> **Assignment**:
Having read the entries, repeat all of them exactly.
*** Opening Data for analysis ***
Lemma exists_simple_cycle u s : ispath u u s -> (0 < size s)%N ->
  exists c, simple_cycle u c.
Proof.
case: s => // a0 s' us _.
pose loop n := [exists t : n.-tuple (qA Q), ispath u u t] && (0 < n)%N.
have loop_s : loop (size (a0 :: s')).
  by rewrite /loop andbT; apply/existsP; exists (in_tuple (a0 :: s')).
case: (ex_minnP (ex_intro loop _ loop_s)) => n /andP[/existsP[c uc] n_gt0] min_n.
exists c; rewrite /simple_cycle size_tuple n_gt0 uc /=.
apply/negPn/negP => /(uniqPn (src a0))[i [j [lt_ij]]].
rewrite size_map size_tuple => lt_jn; have lt_in := ltn_trans lt_ij lt_jn.
rewrite !(nth_map a0) ?size_tuple // => srcE.
(* cutting out the closed sub-walk c_i ... c_(j-1) leaves a shorter loop *)
pose c' := take i c ++ drop j c.
have uc' : ispath u u c'.
  have ui : ispath u (path_tgt u (take i c)) (take i c).
    by move: uc; rewrite -{1}(cat_take_drop i c) ispath_cat => /andP[].
  have ju : ispath (path_tgt u (take j c)) u (drop j c).
    by move: uc; rewrite -{1}(cat_take_drop j c) ispath_cat => /andP[].
  apply: cat_ispath ui _.
  by rewrite -(src_nth a0 uc) ?size_tuple // srcE (src_nth a0 uc) ?size_tuple.
have size_c' : size c' = (i + (n - j))%N.
  by rewrite size_cat size_takel ?size_drop ?size_tuple // ltnW.
have : (n <= size c')%N.
  apply: min_n; rewrite /loop size_c' addn_gt0 subn_gt0 lt_jn orbT andbT.
  by apply/existsP; exists (tcast size_c' (in_tuple c')); rewrite val_tcast.
by rewrite size_c'; lia.
Qed.

End ReachabilityAndCycles.
Arguments arrow_rel {Q}.

Section NontorsionRoot.
Variables (k : fieldType) (Q : quiver) (M : grmod k Q).
Hypothesis M_mod : is_grmod M.

Lemma nontorsion_arrow d w (x : gsp M d w) : ~ torsion_elt x ->
  exists2 a, src a = w & ~ torsion_elt (gact M d w a x).
Proof.
move=> x_nt; apply: NNPP => all_tors; apply/x_nt/(torsion_elt_arrows M_mod) => a.
have [wa|w_off] := eqVneq w (src a); last exact: torsion_elt_off.
by apply: NNPP => a_nt; apply: all_tors; exists a.
Qed.

(* Take a vertex carrying a non-torsion element with the fewest vertices
   reachable from it. *)
Lemma exists_nontorsion_root d w (x : gsp M d w) : ~ torsion_elt x ->
  exists d0 w0 (y0 : gsp M d0 w0), ~ torsion_elt y0 /\
    forall d u (z : gsp M d u), ~ torsion_elt z ->
      connect arrow_rel w0 u -> connect arrow_rel u w0.
Proof.
pose reach (y : qV Q) := [set u | connect arrow_rel y u].
move: (leqnn #|reach w|); move: {2}#|reach w| => m.
elim: m d w x => [|m IH] d w x le_card x_nt.
  by move: le_card; rewrite leqn0 => /eqP/cards0_eq/setP/(_ w); rewrite !inE connect0.
apply: NNPP => no_root; apply: (no_root); exists d, w, x; split => // d' u z z_nt wu.
apply/negPn/negP => not_uw.
have lt_card : (#|reach u| < #|reach w|)%N.
  apply/proper_card/properP; split; last by exists w; rewrite !inE ?connect0.
  by apply/subsetP => y; rewrite !inE; apply: connect_trans wu.
apply: no_root; apply: (IH _ _ z _ z_nt).
by rewrite -ltnS (leq_trans lt_card).
Qed.

End NontorsionRoot.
*** Closing Data for analysis ***
> **Answer below**:
Lemma exists_simple_cycle u s : ispath u u s -> (0 < size s)%N ->
  exists c, simple_cycle u c.
Proof.
case: s => // a0 s' us _.
pose loop n := [exists t : n.-tuple (qA Q), ispath u u t] && (0 < n)%N.
have loop_s : loop (size (a0 :: s')).
  by rewrite /loop andbT; apply/existsP; exists (in_tuple (a0 :: s')).
case: (ex_minnP (ex_intro loop _ loop_s)) => n /andP[/existsP[c uc] n_gt0] min_n.
exists c; rewrite /simple_cycle size_tuple n_gt0 uc /=.
apply/negPn/negP => /(uniqPn (src a0))[i [j [lt_ij]]].
rewrite size_map size_tuple => lt_jn; have lt_in := ltn_trans lt_ij lt_jn.
rewrite !(nth_map a0) ?size_tuple // => srcE.
(* cutting out the closed sub-walk c_i ... c_(j-1) leaves a shorter loop *)
pose c' := take i c ++ drop j c.
have uc' : ispath u u c'.
  have ui : ispath u (path_tgt u (take i c)) (take i c).
    by move: uc; rewrite -{1}(cat_take_drop i c) ispath_cat => /andP[].
  have ju : ispath (path_tgt u (take j c)) u (drop j c).
    by move: uc; rewrite -{1}(cat_take_drop j c) ispath_cat => /andP[].
  apply: cat_ispath ui _.
  by rewrite -(src_nth a0 uc) ?size_tuple // srcE (src_nth a0 uc) ?size_tuple.
have size_c' : size c' = (i + (n - j))%N.
  by rewrite size_cat size_takel ?size_drop ?size_tuple // ltnW.
have : (n <= size c')%N.
  apply: min_n; rewrite /loop size_c' addn_gt0 subn_gt0 lt_jn orbT andbT.
  by apply/existsP; exists (tcast size_c' (in_tuple c')); rewrite val_tcast.
by rewrite size_c'; lia.
Qed.

End ReachabilityAndCycles.
Arguments arrow_rel {Q}.

Section NontorsionRoot.
Variables (k : fieldType) (Q : quiver) (M : grmod k Q).
Hypothesis M_mod : is_grmod M.

Lemma nontorsion_arrow d w (x : gsp M d w) : ~ torsion_elt x ->
  exists2 a, src a = w & ~ torsion_elt (gact M d w a x).
Proof.
move=> x_nt; apply: NNPP => all_tors; apply/x_nt/(torsion_elt_arrows M_mod) => a.
have [wa|w_off] := eqVneq w (src a); last exact: torsion_elt_off.
by apply: NNPP => a_nt; apply: all_tors; exists a.
Qed.

(* Take a vertex carrying a non-torsion element with the fewest vertices
   reachable from it. *)
Lemma exists_nontorsion_root d w (x : gsp M d w) : ~ torsion_elt x ->
  exists d0 w0 (y0 : gsp M d0 w0), ~ torsion_elt y0 /\
    forall d u (z : gsp M d u), ~ torsion_elt z ->
      connect arrow_rel w0 u -> connect arrow_rel u w0.
Proof.
pose reach (y : qV Q) := [set u | connect arrow_rel y u].
move: (leqnn #|reach w|); move: {2}#|reach w| => m.
elim: m d w x => [|m IH] d w x le_card x_nt.
  by move: le_card; rewrite leqn0 => /eqP/cards0_eq/setP/(_ w); rewrite !inE connect0.
apply: NNPP => no_root; apply: (no_root); exists d, w, x; split => // d' u z z_nt wu.
apply/negPn/negP => not_uw.
have lt_card : (#|reach u| < #|reach w|)%N.
  apply/proper_card/properP; split; last by exists w; rewrite !inE ?connect0.
  by apply/subsetP => y; rewrite !inE; apply: connect_trans wu.
apply: no_root; apply: (IH _ _ z _ z_nt).
by rewrite -ltnS (leq_trans lt_card).
Qed.

End NontorsionRoot.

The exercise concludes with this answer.